After weighing the above factors, the court concludes that the partnership is not indispensable to the instant action. In Illinois a partnership can be sued by naming the general partners doing business as the partnership. All the general partners are parties to the instant case. Accordingly, defendants' motion to dismiss for lack of jurisdiction is denied. Plaintiffs' motion to file an amended complaint omitting the partnership as a party is granted.
The proposed amended complaint, attached to plaintiffs' response to defendants' motion to dismiss, however, is deficient. First, ¶8 alleges, "Defendant, The New Town Road Partnership, an Illinois General Partnership, is located in the City of Naperville, County of DuPage, State of Illinois." This apparently is a stenographic error and should be omitted. Next, Count VI seeks quantum meruit relief, presumably against the partnership as an entity. This count should be clarified to specify the nature of the relief sought against the defendant general partners for quantum meruit.
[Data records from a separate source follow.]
(* Define subgroups $W_1 \subseteq \dots \subseteq W_p \subseteq W_{p+1} := W_{\mathfrak g}$ by $W_p = \operatorname{Stab}_{W_{\mathfrak g}}(U_p)$ and $W_{i-1} = \operatorname{Stab}_{W_i}(U_{i-1})$ for $i \in \{2,\dots,p\}$. Then $W_i = \operatorname{Stab}_{W_{i+1}}(\mathbf B_i)$ for all $i \in \{1,\dots,p\}$, and $(W_{\mathfrak g}Q) \cap \mathbf B = \mathcal O_Q$, where $\mathcal O_Q$ is the orbit of $Q$ under $W_1$.
   Context: $G$ is a connected complex reductive Lie group, $\mathfrak g = \mathrm{Lie}(G)$, $T\subseteq G$ a maximal torus, $\mathfrak t = \mathrm{Lie}(T)$, $\Phi_{\mathfrak g}$ the root system of $(\mathfrak g,\mathfrak t)$, $W_{\mathfrak g}$ the Weyl group acting on $\mathfrak t$. For $S \subseteq \mathfrak t$ and a subgroup $H \subseteq W_{\mathfrak g}$, $\operatorname{Stab}_H(S) = \{w \in H : w(S)\subseteq S\}$. Fix an integer $p \geq 1$ and $A_1,\dots,A_p \in \mathfrak t$, and let $Q = \sum_{i=1}^p A_i z^{-i}$, identified with $(A_1,\dots,A_p) \in \mathfrak t^p$, on which $W_{\mathfrak g}$ acts diagonally. For $\alpha \in \Phi_{\mathfrak g}$ let $d_\alpha = \max\{i : \alpha(A_i)\neq 0\}$ ($d_\alpha = 0$ if $\alpha(A_i)=0$ for all $i$). For $i \in \{1,\dots,p\}$ let $\Phi_{\mathfrak h_i} = \{\alpha : d_\alpha < i\}$ (the roots of the centraliser of $\{A_i,\dots,A_p\}$), $U_i = \bigcap_{\alpha \in \Phi_{\mathfrak h_i}}\ker(\alpha)$ (equal to $\mathfrak t$ if $\Phi_{\mathfrak h_i}$ is empty), and $$\mathbf B_i = \{X \in \mathfrak t : \alpha(X) = 0 \text{ whenever } d_\alpha < i, \ \alpha(X) \neq 0 \text{ whenever } d_\alpha = i\},$$ and $\mathbf B = \mathbf B_1 \times \dots \times \mathbf B_p \subseteq \mathfrak t^p$. *)

(* Abstract (reduced, crystallographic) root datum over C = R[i],
   R : realType (so C is (isomorphic to) the complex numbers).
   t = 'rV[C]_n (row vectors); a root / linear form alpha on t is a column vector
   'cV[C]_n with alpha(X) = (X *m alpha) 0 0; Weyl group elements are matrices
   w : 'M[C]_n acting on t by X |-> X *m w. *)
From HB Require Import structures.
From mathcomp Require Import all_boot all_order all_algebra.
From mathcomp Require Import reals.
From mathcomp Require Import complex.
Set Implicit Arguments. Unset Strict Implicit. Unset Printing Implicit Defensive.
Import Order.TTheory GRing.Theory Num.Theory.
Local Open Scope ring_scope.

Section RootData.
Variables (R : realType) (n : nat).
Notation C := (R[i])%C.

Definition reval (X : 'rV[C]_n) (a : 'cV[C]_n) : C := (X *m a) 0 0.

Definition refl (a : 'cV[C]_n) (av : 'rV[C]_n) : 'M[C]_n := 1%:M - a *m av.

Definition is_root_datum (Phi : seq 'cV[C]_n) (cor : 'cV[C]_n -> 'rV[C]_n) : Prop :=
  (forall a, a \in Phi -> a != 0) /\
  (forall a, a \in Phi -> reval (cor a) a = 2) /\
  (forall a b, a \in Phi -> b \in Phi -> refl a (cor a) *m b \in Phi) /\
  (forall a b, a \in Phi -> b \in Phi ->
     cor (refl a (cor a) *m b) = cor b *m refl a (cor a)) /\
  (forall a b, a \in Phi -> b \in Phi -> exists z : int, reval (cor a) b = z%:~R) /\
  (forall a (c : C), a \in Phi -> c *: a \in Phi -> c = 1 \/ c = -1).

Inductive weyl (Phi : seq 'cV[C]_n) (cor : 'cV[C]_n -> 'rV[C]_n) : 'M[C]_n -> Prop :=
| weyl1 : weyl Phi cor 1%:M
| weylS w a : weyl Phi cor w -> a \in Phi -> weyl Phi cor (w *m refl a (cor a)).

Definition Stab (H : 'M[C]_n -> Prop) (S : 'rV[C]_n -> Prop) : 'M[C]_n -> Prop :=
  fun w => H w /\ forall X, S X -> S (X *m w).

(* Q = sum_{i=1}^p A_i z^-i encoded by A : nat -> 'rV_n, only indices 1..p matter *)
(* d_alpha = max { i in 1..p : alpha(A_i) <> 0 }, 0 if none *)
Definition dalpha (p : nat) (A : nat -> 'rV[C]_n) (a : 'cV[C]_n) : nat :=
  \max_(1 <= i < p.+1 | reval (A i) a != 0) i.

Definition Uset (Phi : seq 'cV[C]_n) p A (i : nat) : 'rV[C]_n -> Prop :=
  fun X => forall a, a \in Phi -> (dalpha p A a < i)%N -> reval X a = 0.

Definition Bset (Phi : seq 'cV[C]_n) p A (i : nat) : 'rV[C]_n -> Prop :=
  fun X => (forall a, a \in Phi -> (dalpha p A a < i)%N -> reval X a = 0) /\
           (forall a, a \in Phi -> dalpha p A a = i -> reval X a != 0).

(* Wrec k = W_{p+1-k}: Wrec 0 = W_g, Wrec k.+1 = Stab_{Wrec k}(U_{p-k}) *)
Fixpoint Wrec Phi cor p A (k : nat) : 'M[C]_n -> Prop :=
  match k with
  | 0 => weyl Phi cor
  | k'.+1 => Stab (Wrec Phi cor p A k') (Uset Phi p A (p - k'))
  end.

Definition Wsub Phi cor p A (i : nat) : 'M[C]_n -> Prop := Wrec Phi cor p A (p.+1 - i).

End RootData.

(* A Weyl group element w stabilising U_j permutes the roots with d_alpha < j:
   it maps this finite set injectively into itself.  Hence if w stabilises
   U_i, ..., U_p it preserves every d_alpha >= i, and so maps B_i into B_i.
   Conversely, for X in U_i a suitable multiple t A_i moves X off the finitely
   many hyperplanes alpha = 0 with d_alpha = i, so X = (X + t A_i) - t A_i is a
   difference of two points of B_i; a w stabilising B_i thus stabilises U_i.
   For the orbit: if A_k w lies in B_k for every k, then w sends roots with
   d_alpha < j to such roots, i.e. w stabilises every U_j and lies in W_1. *)
From HB Require Import structures.
From mathcomp Require Import all_boot all_order all_algebra.
From mathcomp Require Import reals complex.
From mathcomp Require Import zify.
Import Order.TTheory GRing.Theory Num.Theory.
Local Open Scope ring_scope.
Set Implicit Arguments. Unset Strict Implicit. Unset Printing Implicit Defensive.

Lemma mem_inj_selfmap (T : eqType) (f : T -> T) (s : seq T) x :
  injective f -> {subset map f s <= s} -> (f x \in s) = (x \in s).
Proof.
move=> injf fs; apply/idP/idP => [fxs|xs]; last exact/fs/map_f.
have fs' : {subset map f (undup s) <= undup s}.
  by move=> y /mapP[z]; rewrite !mem_undup => zs ->; apply/fs/map_f.
have fs_uniq : uniq (map f (undup s)) by rewrite (map_inj_uniq injf) undup_uniq.
have [_ eq_s] := uniq_min_size fs_uniq fs' (eq_leq (esym (size_map f (undup s)))).
by rewrite -mem_undup -(mem_map injf) eq_s mem_undup.
Qed.

Lemma exists_shift_nonzero (F : numFieldType) (I : eqType) (s : seq I)
    (x y : I -> F) :
  exists t, forall a, a \in s -> y a != 0 -> x a + t * y a != 0.
Proof.
pose bad := map (fun a => - x a / y a) s.
pose cands := map (fun k : nat => k%:R : F) (iota 0 (size s).+1).
have [/allP cands_bad | /allPn [t _ t_good]] := boolP (all (mem bad) cands).
  have cands_uniq : uniq cands.
    by rewrite map_inj_uniq ?iota_uniq // => k1 k2 /eqP; rewrite eqr_nat => /eqP.
  by have := uniq_leq_size cands_uniq cands_bad; rewrite !size_map size_iota ltnn.
exists t => a aP ya; apply: contra t_good => /eqP xty0; apply/mapP; exists a => //.
by rewrite -(mulfK ya t); congr (_ / _); apply/eqP; rewrite -addr_eq0 addrC xty0.
Qed.

Section WeylGroup.
Variables (R : realType) (n : nat).
Notation C := (R[i])%C.
Implicit Types (X Y : 'rV[C]_n) (a b : 'cV[C]_n) (w : 'M[C]_n).

Definition stabilizes w (S : 'rV[C]_n -> Prop) := forall X, S X -> S (X *m w).

Lemma revalM X w a : reval (X *m w) a = reval X (w *m a).
Proof. by rewrite /reval mulmxA. Qed.

Lemma revalD X Y a : reval (X + Y) a = reval X a + reval Y a.
Proof. by rewrite /reval mulmxDl mxE. Qed.

Lemma revalB X Y a : reval (X - Y) a = reval X a - reval Y a.
Proof. by rewrite /reval mulmxBl !mxE. Qed.

Lemma revalZ (c : C) X a : reval (c *: X) a = c * reval X a.
Proof. by rewrite /reval -scalemxAl mxE. Qed.

Lemma refl_invol a (av : 'rV[C]_n) :
  reval av a = 2 -> refl a av *m refl a av = 1%:M.
Proof.
move=> av_a; rewrite /refl mulmxBl mul1mx mulmxBr mulmx1.
have -> : a *m av *m (a *m av) = (reval av a) *: (a *m av).
  by rewrite mulmxA -(mulmxA a) [av *m a]mx11_scalar mul_mx_scalar -scalemxAl.
by rewrite av_a scaler_nat mulr2n opprB addrK subrK.
Qed.

Variables (Phi : seq 'cV[C]_n) (cor : 'cV[C]_n -> 'rV[C]_n).
Notation weyl := (weyl Phi cor).

Variables (p : nat) (A : nat -> 'rV[C]_n).
Notation d := (dalpha p A).
Notation U := (Uset Phi p A).
Notation B := (Bset Phi p A).

Lemma dalpha_le a : (d a <= p)%N.
Proof. by apply/bigmax_leqP_seq => k; rewrite mem_index_iota ltnS => /andP[]. Qed.

Lemma dalpha_ltP j a : (0 < j)%N ->
  (d a < j)%N <-> forall k, (j <= k <= p)%N -> reval (A k) a = 0.
Proof.
move=> j_gt0; split=> [da k /andP[jk kp] | Ak0].
  apply/eqP; apply: contraLR da => Aka; rewrite -leqNgt (leq_trans jk) //.
  by apply: (@leq_bigmax_seq _ _ _ id k) => //; rewrite mem_index_iota ltnS kp; lia.
rewrite /dalpha -(prednK j_gt0) ltnS; apply/bigmax_leqP_seq => k.
rewrite mem_index_iota ltnS => /andP[_ kp] Aka; rewrite -ltnS prednK // ltnNge.
by apply: contra Aka => jk; rewrite Ak0 ?jk.
Qed.

Lemma A_in_U j k : (j <= k <= p)%N -> U j (A k).
Proof.
move=> /andP[jk kp] a _ da.
have j_gt0 : (0 < j)%N by case: j da jk.
by apply: (dalpha_ltP a j_gt0).1 => //; rewrite jk.
Qed.

Lemma A_in_B i : (1 <= i <= p)%N -> B i (A i).
Proof.
move=> /andP[i_gt0 ip]; split; first by apply: A_in_U; rewrite leqnn.
move=> a _ da; apply/eqP => Aia0.
suff : (d a < i)%N by rewrite da ltnn.
apply/dalpha_ltP => // k; rewrite leq_eqVlt => /andP[/orP[/eqP <- // | ik] kp].
by apply: (dalpha_ltP a (ltn0Sn i)).1; rewrite ?da ?ik.
Qed.

Lemma WrecP k w : Wrec Phi cor p A k w <->
  weyl w /\ forall m, (m < k)%N -> stabilizes w (U (p - m)).
Proof.
elim: k w => [|k IH] w /=; first by split=> [|[]].
split=> [[/IH [W sU] sUk] | [W sU]].
  by split=> // m; rewrite ltnS leq_eqVlt => /orP[/eqP -> | /sU].
by split; [apply/IH; split=> // m /ltnW /sU | apply: sU].
Qed.

Lemma WsubP i w : Wsub Phi cor p A i w <->
  weyl w /\ forall j, (i <= j <= p)%N -> stabilizes w (U j).
Proof.
rewrite /Wsub WrecP; split=> -[W sU]; split=> //.
  by move=> j jP; rewrite -(subKn (proj2 (andP jP))); apply: sU; lia.
by move=> m mP; apply: sU; lia.
Qed.

Section RootDatum.
Hypothesis cor2 : forall a, a \in Phi -> reval (cor a) a = 2.
Hypothesis reflPhi :
  forall a b, a \in Phi -> b \in Phi -> refl a (cor a) *m b \in Phi.

Lemma weyl_unit w : weyl w -> w \in unitmx.
Proof.
elim=> [|w' a _ w'U aP]; first exact: unitmx1.
by rewrite unitmx_mul w'U; have [] := mulmx1_unit (refl_invol (cor2 aP)).
Qed.

Lemma weyl_root w a : weyl w -> a \in Phi -> w *m a \in Phi.
Proof.
move=> W; elim: W a => [|w' b _ IH bP] a aP; first by rewrite mul1mx.
by rewrite -mulmxA; apply/IH/reflPhi.
Qed.

Lemma weyl_dalpha_lt j w a : weyl w -> stabilizes w (U j) -> (0 < j)%N ->
  a \in Phi -> (d (w *m a) < j)%N = (d a < j)%N.
Proof.
move=> W sU j_gt0 aP.
have w_inj : injective (mulmx w : 'cV[C]_n -> 'cV[C]_n).
  exact/can_inj/mulKmx/weyl_unit.
have w_lt : {subset map (mulmx w) [seq b <- Phi | d b < j]%N
             <= [seq b <- Phi | d b < j]%N}.
  move=> c /mapP[b]; rewrite mem_filter => /andP[db bP] ->.
  rewrite mem_filter weyl_root // andbT; apply/dalpha_ltP => // k kP.
  by rewrite -revalM; apply: sU db => //; apply: A_in_U.
by have := mem_inj_selfmap a w_inj w_lt; rewrite !mem_filter weyl_root ?aP ?andbT.
Qed.

Lemma weyl_dalpha i w a : weyl w -> (0 < i)%N ->
  (forall j, (i <= j <= p)%N -> stabilizes w (U j)) ->
  a \in Phi -> (i <= d a)%N -> d (w *m a) = d a.
Proof.
move=> W i_gt0 sU aP ida; have da_gt0 := leq_trans i_gt0 ida.
apply/eqP; rewrite eqn_leq; apply/andP; split.
  have [dap | pda] := ltnP (d a) p; last first.
    have -> : d a = p by apply/anti_leq; rewrite dalpha_le pda.
    exact: dalpha_le.
  by rewrite -ltnS weyl_dalpha_lt ?ltnSn //; apply: sU; lia.
by rewrite leqNgt weyl_dalpha_lt ?ltnn //; apply: sU; rewrite ida dalpha_le.
Qed.

Lemma stabilizes_B_of_U i w : weyl w -> (1 <= i <= p)%N ->
  (forall j, (i <= j <= p)%N -> stabilizes w (U j)) -> stabilizes w (B i).
Proof.
move=> W /andP[i_gt0 ip] sU X [XU XB]; split; first by apply: sU => //; rewrite leqnn.
move=> a aP da; rewrite revalM; apply: XB; first exact: weyl_root.
by rewrite (weyl_dalpha W i_gt0 sU aP) ?da.
Qed.

Lemma stabilizes_U_of_A_B w : weyl w ->
  (forall k, (1 <= k <= p)%N -> B k (A k *m w)) ->
  forall j, (0 < j)%N -> stabilizes w (U j).
Proof.
move=> W AwB j j_gt0 X XU a aP da; rewrite revalM; apply: XU; first exact: weyl_root.
apply/dalpha_ltP => // k /andP[jk kp]; rewrite -revalM.
by apply: (AwB k _).1 => //; [rewrite kp (leq_trans j_gt0) | exact: leq_trans jk].
Qed.

End RootDatum.

Lemma B_shift i X : (1 <= i <= p)%N -> U i X -> exists t : C, B i (X + t *: A i).
Proof.
move=> iP XU; have [AiU AiB] := A_in_B iP.
have [t Xt0] := exists_shift_nonzero Phi (reval X) (reval (A i)).
by exists t; split=> a aP da; rewrite revalD revalZ;
  [rewrite XU // AiU // mulr0 addr0 | apply: Xt0 => //; apply: AiB].
Qed.

Lemma stabilizes_U_of_B i w : (1 <= i <= p)%N ->
  stabilizes w (B i) -> stabilizes w (U i).
Proof.
move=> iP sB X XU; have [t /sB [XtwU _]] := B_shift iP XU.
have [AiwU _] := sB _ (A_in_B iP).
have -> : X *m w = (X + t *: A i) *m w - t *: (A i *m w).
  by rewrite mulmxDl -scalemxAl addrK.
by move=> a aP da; rewrite revalB revalZ XtwU // AiwU // mulr0 subr0.
Qed.

End WeylGroup.

Theorem lemma2p7 (R : realType) (n : nat) (Phi : seq 'cV[R[i]]_n)
  (cor : 'cV[R[i]]_n -> 'rV[R[i]]_n) (p : nat) (A : nat -> 'rV[R[i]]_n) :
  is_root_datum Phi cor -> (1 <= p)%N ->
  (forall i, (1 <= i <= p)%N -> forall w,
     Wsub Phi cor p A i w <-> Stab (Wsub Phi cor p A i.+1) (Bset Phi p A i) w) /\
  (forall Y : nat -> 'rV[R[i]]_n,
     ((exists w, weyl Phi cor w /\ forall i, (1 <= i <= p)%N -> Y i = A i *m w) /\
      (forall i, (1 <= i <= p)%N -> Bset Phi p A i (Y i)))
     <-> (exists w, Wsub Phi cor p A 1 w /\ forall i, (1 <= i <= p)%N -> Y i = A i *m w)).
Proof.
move=> [_ [cor2 [reflPhi _]]] _; split=> [i iP w | Y].
  rewrite /Stab !WsubP; split=> [[W sU] | [[W sU] sB]].
    split; first by split=> // j /andP[ij jp]; apply: sU; rewrite jp ltnW.
    exact: (stabilizes_B_of_U cor2 reflPhi).
  split=> // j; rewrite leq_eqVlt => /andP[/orP[/eqP <- | ij] jp].
    exact: stabilizes_U_of_B.
  by apply: sU; rewrite ij.
split=> [[[w [W Yw]] YB] | [w [/WsubP [W sU] Yw]]].
  exists w; split=> //; apply/WsubP; split=> // j /andP[j_gt0 _].
  by apply: (stabilizes_U_of_A_B reflPhi) => // k kP; rewrite -Yw //; apply: YB.
split=> [|i iP]; first by exists w.
rewrite Yw //; apply: (stabilizes_B_of_U cor2 reflPhi W iP _ (A_in_B Phi A iP)).
by move=> j jP; apply: sU; lia.
Qed.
Accordingly, plaintiffs are granted leave to file an amended complaint conforming to this opinion on or before April 10, 2007. Defendants' current motion to dismiss the original complaint is stricken as moot. Defendants shall respond to the amended complaint on or before May 1, 2007. This matter is set for a status report May 15, 2007, at 9:00 a.m.
Robert W. Gettleman United States District Judge
© 1992-2007 VersusLaw Inc.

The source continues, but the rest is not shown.